Circumventing Concept Erasure Methods For Text-to-Image Generative Models

Minh Pham,Kelly O. Marshall,Niv Cohen,Govind Mittal,Chinmay Hegde
2023-10-09
Abstract:Text-to-image generative models can produce photo-realistic images for an extremely broad range of concepts, and their usage has proliferated widely among the general public. On the flip side, these models have numerous drawbacks, including their potential to generate images featuring sexually explicit content, mirror artistic styles without permission, or even hallucinate (or deepfake) the likenesses of celebrities. Consequently, various methods have been proposed in order to "erase" sensitive concepts from text-to-image models. In this work, we examine five recently proposed concept erasure methods, and show that targeted concepts are not fully excised from any of these methods. Specifically, we leverage the existence of special learned word embeddings that can retrieve "erased" concepts from the sanitized models with no alterations to their weights.
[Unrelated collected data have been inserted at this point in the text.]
(* Categories.  [comp g f] is  g . f  (f first).                        *)

Record Category := {
  ob :> Type;
  hom : ob -> ob -> Type;
  idm : forall a, hom a a;
  comp : forall a b c, hom b c -> hom a b -> hom a c;
  comp_id_l : forall a b (f : hom a b), comp (idm b) f = f;
  comp_id_r : forall a b (f : hom a b), comp f (idm a) = f;
  comp_assoc : forall a b c d (h : hom c d) (g : hom b c) (f : hom a b),
      comp h (comp g f) = comp (comp h g) f
}.

Arguments hom {_} _ _.
Arguments idm {_} _.
Arguments comp {_ _ _ _} _ _.

Notation "g · f" := (comp g f) (at level 40, left associativity).

Record Monoidal (C : Category) := {
  tens : C -> C -> C;
  tensm : forall a a' b b', hom a a' -> hom b b' -> hom (tens a b) (tens a' b');
  tens_id : forall a b, tensm (idm a) (idm b) = idm (tens a b);
  tens_comp : forall a a' a'' b b' b''
      (f : hom a a') (f' : hom a' a'') (g : hom b b') (g' : hom b' b''),
      tensm (f' · f) (g' · g) = tensm f' g' · tensm f g;
  munit : C;
  assoc : forall a b c, hom (tens (tens a b) c) (tens a (tens b c));
  assoc_inv : forall a b c, hom (tens a (tens b c)) (tens (tens a b) c);
  assoc_iso1 : forall a b c, assoc_inv a b c · assoc a b c = idm _;
  assoc_iso2 : forall a b c, assoc a b c · assoc_inv a b c = idm _;
  assoc_nat : forall a a' b b' c c' (f : hom a a') (g : hom b b') (h : hom c c'),
      assoc a' b' c' · tensm (tensm f g) h = tensm f (tensm g h) · assoc a b c;
  lunit : forall a, hom (tens munit a) a;
  lunit_inv : forall a, hom a (tens munit a);
  lunit_iso1 : forall a, lunit_inv a · lunit a = idm _;
  lunit_iso2 : forall a, lunit a · lunit_inv a = idm _;
  lunit_nat : forall a a' (f : hom a a'), lunit a' · tensm (idm munit) f = f · lunit a;
  runit : forall a, hom (tens a munit) a;
  runit_inv : forall a, hom a (tens a munit);
  runit_iso1 : forall a, runit_inv a · runit a = idm _;
  runit_iso2 : forall a, runit a · runit_inv a = idm _;
  runit_nat : forall a a' (f : hom a a'), runit a' · tensm f (idm munit) = f · runit a;
  pentagon : forall a b c d,
      assoc a b (tens c d) · assoc (tens a b) c d
      = tensm (idm a) (assoc b c d) · assoc a (tens b c) d · tensm (assoc a b c) (idm d);
  triangle : forall a b,
      tensm (idm a) (lunit b) · assoc a munit b = tensm (runit a) (idm b)
}.

(* A preduoidal category is a category C with two monoidal structures
   (circ, bot) and (bullet, 1); in the theorem these are explicit binders
   [C], [Mc], [Mb]. *)

Record Monad (C : Category) := {
  Tob :> C -> C;
  Tm : forall a b, hom a b -> hom (Tob a) (Tob b);
  Tm_id : forall a, Tm (idm a) = idm (Tob a);
  Tm_comp : forall a b c (g : hom b c) (f : hom a b), Tm (g · f) = Tm g · Tm f;
  mu : forall a, hom (Tob (Tob a)) (Tob a);
  eta : forall a, hom a (Tob a);
  mu_nat : forall a b (f : hom a b), Tm f · mu a = mu b · Tm (Tm f);
  eta_nat : forall a b (f : hom a b), Tm f · eta a = eta b · f;
  mu_assoc : forall a, mu a · Tm (mu a) = mu a · mu (Tob a);
  mu_eta_l : forall a, mu a · eta (Tob a) = idm (Tob a);
  mu_eta_r : forall a, mu a · Tm (eta a) = idm (Tob a)
}.

Record Bimonad (C : Category) (M : Monoidal C) (T : Monad C) := {
  T2 : forall a b, hom (T (tens M a b)) (tens M (T a) (T b));
  T0 : hom (T (munit M)) (munit M);
  T2_nat : forall a a' b b' (f : hom a a') (g : hom b b'),
      tensm M (Tm T f) (Tm T g) · T2 a b = T2 a' b' · Tm T (tensm M f g);
  T2_coassoc : forall a b c,
      assoc M (T a) (T b) (T c) · tensm M (T2 a b) (idm (T c)) · T2 (tens M a b) c
      = tensm M (idm (T a)) (T2 b c) · T2 a (tens M b c) · Tm T (assoc M a b c);
  T2_lunit : forall a,
      lunit M (T a) · tensm M T0 (idm (T a)) · T2 (munit M) a = Tm T (lunit M a);
  T2_runit : forall a,
      runit M (T a) · tensm M (idm (T a)) T0 · T2 a (munit M) = Tm T (runit M a);
  mu_T2 : forall a b,
      T2 a b · mu T (tens M a b)
      = tensm M (mu T a) (mu T b) · T2 (T a) (T b) · Tm T (T2 a b);
  mu_T0 : T0 · mu T (munit M) = T0 · Tm T T0;
  eta_T2 : forall a b, T2 a b · eta T (tens M a b) = tensm M (eta T a) (eta T b);
  eta_T0 : T0 · eta T (munit M) = idm (munit M)
}.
Our results highlight the brittleness of post hoc concept erasure methods, and call into question their use in the algorithmic toolkit for AI safety.
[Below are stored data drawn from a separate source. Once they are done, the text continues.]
(* Let $(C,M)$ be an instance of 2-SBCM with $|C|=3$ characters and $n\ge 1$ meetings in which no two consecutive meetings of $M$ are equal. Then it has a solution using at most $\lceil n/2\rceil-1$ block crossings.
   Context: A storyline instance is a pair $(C,M)$ where $C=\{1,\dots,k\}$ is a set of characters and $M=[m_1,\dots,m_n]$ is a sequence of meetings with $m_i\subseteq C$; in 2-SBCM every meeting has exactly two characters. A permutation of $C$ lists each character exactly once. For $1\le a\le b<c\le k$, the block crossing $(a,b,c)$ maps $\langle \pi_1,\dots,\pi_k\rangle$ to $\langle \pi_1,\dots,\pi_{a-1},\pi_{b+1},\dots,\pi_c,\pi_a,\dots,\pi_b,\pi_{c+1},\dots,\pi_k\rangle$. A meeting fits (is supported by) a permutation if its characters occupy consecutive positions. A solution is a start permutation $\pi^0$ and sequences $B_1,\dots,B_n$ of block crossings (possibly empty) such that, with $\pi^i$ obtained by applying $B_i$ in order to $\pi^{i-1}$, $\pi^i$ supports $m_i$ for all $i$; its number of block crossings is $\sum_i|B_i|$. *)

From mathcomp Require Import all_boot.
Set Implicit Arguments. Unset Strict Implicit. Unset Printing Implicit Defensive.

(* Positions in a permutation are 1-indexed as in the paper. *)

Definition is_perm (k : nat) (p : seq 'I_k) : Prop := perm_eq p (enum 'I_k).

Definition valid_bc (k : nat) (t : nat * nat * nat) : bool :=
  let: (a, b, c) := t in [&& 1 <= a, a <= b, b < c & c <= k].

(* <p_1..p_{a-1}, p_{b+1}..p_c, p_a..p_b, p_{c+1}..p_k> *)
Definition apply_bc (T : Type) (t : nat * nat * nat) (p : seq T) : seq T :=
  let: (a, b, c) := t in
  take a.-1 p ++ drop b (take c p) ++ drop a.-1 (take b p) ++ drop c p.

Definition apply_bcs (T : Type) (B : seq (nat * nat * nat)) (p : seq T) : seq T :=
  foldl (fun q t => apply_bc t q) p B.

Definition supports (k : nat) (p : seq 'I_k) (m : {set 'I_k}) : Prop :=
  exists i l : nat, [set x in take l (drop i p)] = m.

Definition perm_at (k : nat) (p0 : seq 'I_k) (Bs : seq (seq (nat * nat * nat)))
  (i : nat) : seq 'I_k :=
  apply_bcs (flatten (take i Bs)) p0.

Definition is_solution (k : nat) (M : seq {set 'I_k}) (p0 : seq 'I_k)
  (Bs : seq (seq (nat * nat * nat))) : Prop :=
  [/\ is_perm p0, size Bs = size M,
      all (all (@valid_bc k)) Bs &
      forall i, i < size M -> supports (perm_at p0 Bs i.+1) (nth set0 M i)].

Definition num_bc (Bs : seq (seq (nat * nat * nat))) : nat := sumn (map size Bs).

Definition two_sbcm (k : nat) (M : seq {set 'I_k}) : Prop :=
  all (fun m : {set 'I_k} => #|m| == 2) M.

Definition no_consecutive_equal (k : nat) (M : seq {set 'I_k}) : Prop :=
  forall i, i.+1 < size M -> nth set0 M i != nth set0 M i.+1.

From mathcomp Require Import all_boot.

Set Implicit Arguments.
Unset Strict Implicit.
Unset Printing Implicit Defensive.

(* With three characters, two 2-meetings always share a character; putting it
   in the middle position makes both meetings fit, and a single adjacent swap
   (a block crossing) moves any character to the middle.  Hence the meetings
   can be served in consecutive pairs at one block crossing per pair, and the
   first pair costs nothing because the start permutation is ours to choose. *)

Lemma perm_apply_bc (T : eqType) a b c (p : seq T) :
  a.-1 <= b -> b <= c -> perm_eq (apply_bc (a, b, c) p) p.
Proof.
move=> ab bc.
have Ep : p = take a.-1 p ++ drop a.-1 (take b p) ++ drop b (take c p) ++ drop c p.
  by rewrite -(take_takel p ab) !catA !cat_take_drop -(take_takel p bc) !cat_take_drop.
rewrite [X in perm_eq _ X]Ep perm_cat2l !catA perm_cat2r.
by rewrite perm_catC.
Qed.

Lemma perm_apply_bcs (T : eqType) k B (p : seq T) :
  all (@valid_bc k) B -> perm_eq (apply_bcs B p) p.
Proof.
elim: B p => [|[[a b] c] B IH] p //= /andP [/and4P [_ ab bc _] vB].
apply: perm_trans (IH _ vB) (perm_apply_bc _ (leq_trans (leq_pred a) ab) _).
exact: ltnW.
Qed.

Lemma perm_at_cons k (p : seq 'I_k) B Bs i :
  perm_at p (B :: Bs) i.+1 = perm_at (apply_bcs B p) Bs i.
Proof. by rewrite /perm_at /apply_bcs /= foldl_cat. Qed.

Definition solves k (M : seq {set 'I_k}) (p : seq 'I_k)
  (Bs : seq (seq (nat * nat * nat))) : Prop :=
  [/\ size Bs = size M, all (all (@valid_bc k)) Bs &
      forall i, i < size M -> supports (perm_at p Bs i.+1) (nth set0 M i)].

Lemma solves_is_solution k (M : seq {set 'I_k}) p0 Bs :
  is_perm p0 -> solves M p0 Bs -> is_solution M p0 Bs.
Proof. by move=> pp []. Qed.

Lemma solves_nil k (p : seq 'I_k) : solves [::] p [::].
Proof. by split. Qed.

Lemma solves_cons k (p : seq 'I_k) B Bs m M :
  all (@valid_bc k) B -> supports (apply_bcs B p) m ->
  solves M (apply_bcs B p) Bs -> solves (m :: M) p (B :: Bs).
Proof.
move=> vB sm [sz vBs sM]; split=> /=; [by rewrite sz | by rewrite vB |].
case=> [_|i lt]; rewrite perm_at_cons; last exact: sM.
by rewrite /perm_at take0.
Qed.

Lemma setI_card_gt (T : finType) (A B : {set T}) :
  #|T| < #|A| + #|B| -> exists x, x \in A :&: B.
Proof.
rewrite -cardsUI => lt_T; apply/set0Pn; rewrite -card_gt0.
by rewrite -(ltn_add2l #|A :|: B|) addn0 (leq_ltn_trans (max_card _) lt_T).
Qed.

Lemma supports_middle (u w v : 'I_3) (m : {set 'I_3}) :
  is_perm [:: u; w; v] -> #|m| == 2 -> w \in m -> supports [:: u; w; v] m.
Proof.
move=> pp /cards2P [a [b [ab ->]]] wab.
have [t [tw ->]] : exists t, t != w /\ [set a; b] = [set w; t].
  move: wab; rewrite !inE => /orP [] /eqP ->; first by exists b; rewrite eq_sym.
  by exists a; split => //; exact: setUC.
have : t \in [:: u; w; v] by rewrite (perm_mem pp) mem_enum.
rewrite !inE (negbTE tw) /= => /orP [] /eqP ->.
- by exists 0, 2; apply/setP => x; rewrite !inE orbC.
- by exists 1, 2; apply/setP => x; rewrite !inE.
Qed.

Lemma move_to_middle (x y z w : 'I_3) :
  w \in [:: x; y; z] ->
  exists B, [/\ all (@valid_bc 3) B, size B <= 1 &
    exists u v, apply_bcs B [:: x; y; z] = [:: u; w; v]].
Proof.
rewrite !inE => /or3P [] /eqP ->;
  [exists [:: (1, 1, 2)] | exists [::] | exists [:: (2, 2, 3)]];
  by split=> //; do 2 eexists.
Qed.

Lemma two_meetings_fit (p : seq 'I_3) (m1 m2 : {set 'I_3}) :
  is_perm p -> #|m1| == 2 -> #|m2| == 2 ->
  exists B, [/\ all (@valid_bc 3) B, size B <= 1, is_perm (apply_bcs B p),
    supports (apply_bcs B p) m1 & supports (apply_bcs B p) m2].
Proof.
move=> pp m1_2 m2_2.
have [w] : exists w, w \in m1 :&: m2.
  by apply: setI_card_gt; rewrite card_ord (eqP m1_2) (eqP m2_2).
rewrite inE => /andP [wm1 wm2].
have wp : w \in p by rewrite (perm_mem pp) mem_enum.
have : size p = 3 by rewrite (perm_size pp) size_enum_ord.
case: p pp wp => [|x [|y [|z [|]]]] // pp wp _.
have [B [vB sB [u [v eB]]]] := move_to_middle wp.
have pB : is_perm [:: u; w; v].
  by rewrite -eB; exact: perm_trans (perm_apply_bcs _ vB) pp.
by exists B; rewrite eB; split; try apply: supports_middle.
Qed.

Lemma solves_in_pairs n (M : seq {set 'I_3}) (p : seq 'I_3) :
  size M <= n -> two_sbcm M -> is_perm p ->
  exists Bs, solves M p Bs /\ num_bc Bs <= uphalf (size M).
Proof.
elim: n M p => [|n IH] [|m1 [|m2 M]] p //= sz;
  try by exists [::]; split; first exact: solves_nil.
- move=> /andP [m1_2 _] pp.
  have [B [vB sB _ s1 _]] := two_meetings_fit pp m1_2 m1_2.
  exists [:: B]; split; first exact: solves_cons vB s1 (solves_nil _).
  by rewrite /num_bc /= addn0.
- move=> /and3P [m1_2 m2_2 tM] pp.
  have [B [vB sB pB s1 s2]] := two_meetings_fit pp m1_2 m2_2.
  have [|Bs [sol cost]] := IH M _ _ tM pB; first by rewrite -ltnS ltnW.
  exists [:: B, [::] & Bs]; split.
    exact: solves_cons vB s1 (solves_cons (B := [::]) isT s2 sol).
  by rewrite /num_bc /= add0n -add1n leq_add.
Qed.

Theorem lemma5 (M : seq {set 'I_3}) :
  two_sbcm M -> 1 <= size M -> no_consecutive_equal M ->
  exists (p0 : seq 'I_3) (Bs : seq (seq (nat * nat * nat))),
    is_solution M p0 Bs /\ num_bc Bs <= (uphalf (size M)).-1.
Proof.
case: M => [|m1 M] //= /andP [m1_2 tM] _ _.
have m2_2 : #|head m1 M| == 2 by case: M tM => //= m2 M /andP [].
have [B [_ _ pB s1 s2]] := two_meetings_fit (perm_refl (enum 'I_3)) m1_2 m2_2.
exists (apply_bcs B (enum 'I_3)).
case: M tM s2 {m2_2} => [|m2 M] /= tM s2.
  exists [:: [::]]; split=> //.
  exact: (solves_is_solution pB (solves_cons (B := [::]) isT s1 (solves_nil _))).
have [Bs [sol cost]] := solves_in_pairs (leqnn _) (proj2 (andP tM)) pB.
exists [:: [::], [::] & Bs]; split; last by rewrite /num_bc.
apply: (solves_is_solution pB).
exact: (solves_cons (B := [::]) isT s1 (solves_cons (B := [::]) isT s2 sol)).
Qed.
Machine Learning,Cryptography and Security,Computer Vision and Pattern Recognition
What problem does this paper attempt to address?
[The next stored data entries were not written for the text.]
(* A ray [(-oo, c)] around [x] contains an interval [(-oo, b i)] with
   [F i x = 0]; symmetrically for [(c, +oo)]. *)
Lemma coords_open_onto_image U : order_open le U ->
  exists W, prod_open I W /\ forall x, U x <-> W (fun i => F i x).
Proof.
  apply open_onto_image_of_subbasis. intros V x [[c Hc]|[c Hc]] Vx; apply Hc in Vx.
  - destruct (Hsep x c Vx) as [i [Hxa [_ Hbc]]].
    apply (nbhd_mono _ _ (fun h => h i < 1)).
    + intros h Hh y <-. apply Hc. apply (lt_le_trans Hlin _ (b i)); [|exact Hbc].
      apply (not_le_lt Hlin). intros Hby. rewrite F_high in Hh by exact Hby. lra.
    + apply nbhd_subbasic; [apply (coord_subbasic i (fun t => t < 1)), R_open_lt|].
      rewrite F_low by exact Hxa. lra.
  - destruct (Hsep c x Vx) as [i [Hca [_ Hbx]]].
    apply (nbhd_mono _ _ (fun h => 0 < h i)).
    + intros h Hh y <-. apply Hc. apply (le_lt_trans Hlin _ (a i)); [exact Hca|].
      apply (not_le_lt Hlin). intros Hya. rewrite F_low in Hh by exact Hya. lra.
    + apply nbhd_subbasic; [apply (coord_subbasic i (fun t => 0 < t)), R_open_gt|].
      rewrite F_high by exact Hbx. lra.
Qed.

Lemma coords_give_atd :
  almost_totally_disconnected (order_open le).
Proof.
  exists I, (fun x i => F i x). split; [apply coords_in_Sigma|].
  split; [exact coords_injective|split; [exact coords_continuous|exact coords_open_onto_image]].
Qed.
End IntervalsGiveEmbedding.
The problem that this paper attempts to solve is: how to ensure that text - to - image generation models do not generate sensitive or unsafe content. Specifically, text - to - image generation models (such as Stable Diffusion and DALL - E 2) can synthesize high - quality images according to text prompts. These models have been widely used in multiple commercial products such as digital advertising, graphic design, and game design. However, these models have some serious problems. For example, they may generate copyrighted content, unauthorized art styles, biased content, and potentially unsafe content. Therefore, researchers have proposed a variety of "concept erasure" methods, aiming to remove specific sensitive concepts from these models. However, the researchers in this paper examined seven recently proposed concept erasure methods and found that these methods cannot completely remove the target concepts from the models. They designed an algorithm to recover the "erased" concepts from the "purified" models by learning special input word embeddings without making any modifications to the model weights. This finding reveals the vulnerability of post - hoc concept erasure methods and raises doubts about the use of these methods in the AI safety toolkit. The main contributions of the paper are: 1. Point out that the existing concept erasure methods provide a false sense of security. 2. Investigate seven recently proposed concept erasure methods and show that all of these techniques can be bypassed. 3. Propose a Concept Inversion (CI) technique to recover the erased concepts by designing special word embeddings. 4. Call for a more rigorous evaluation of concept erasure methods, especially when evaluating models, more complex text prompts should be considered, not just simple raw text variants. These findings emphasize the great challenges in achieving security in already - trained generative AI models and point out that entirely new methods may be required to build and evaluate secure generative models.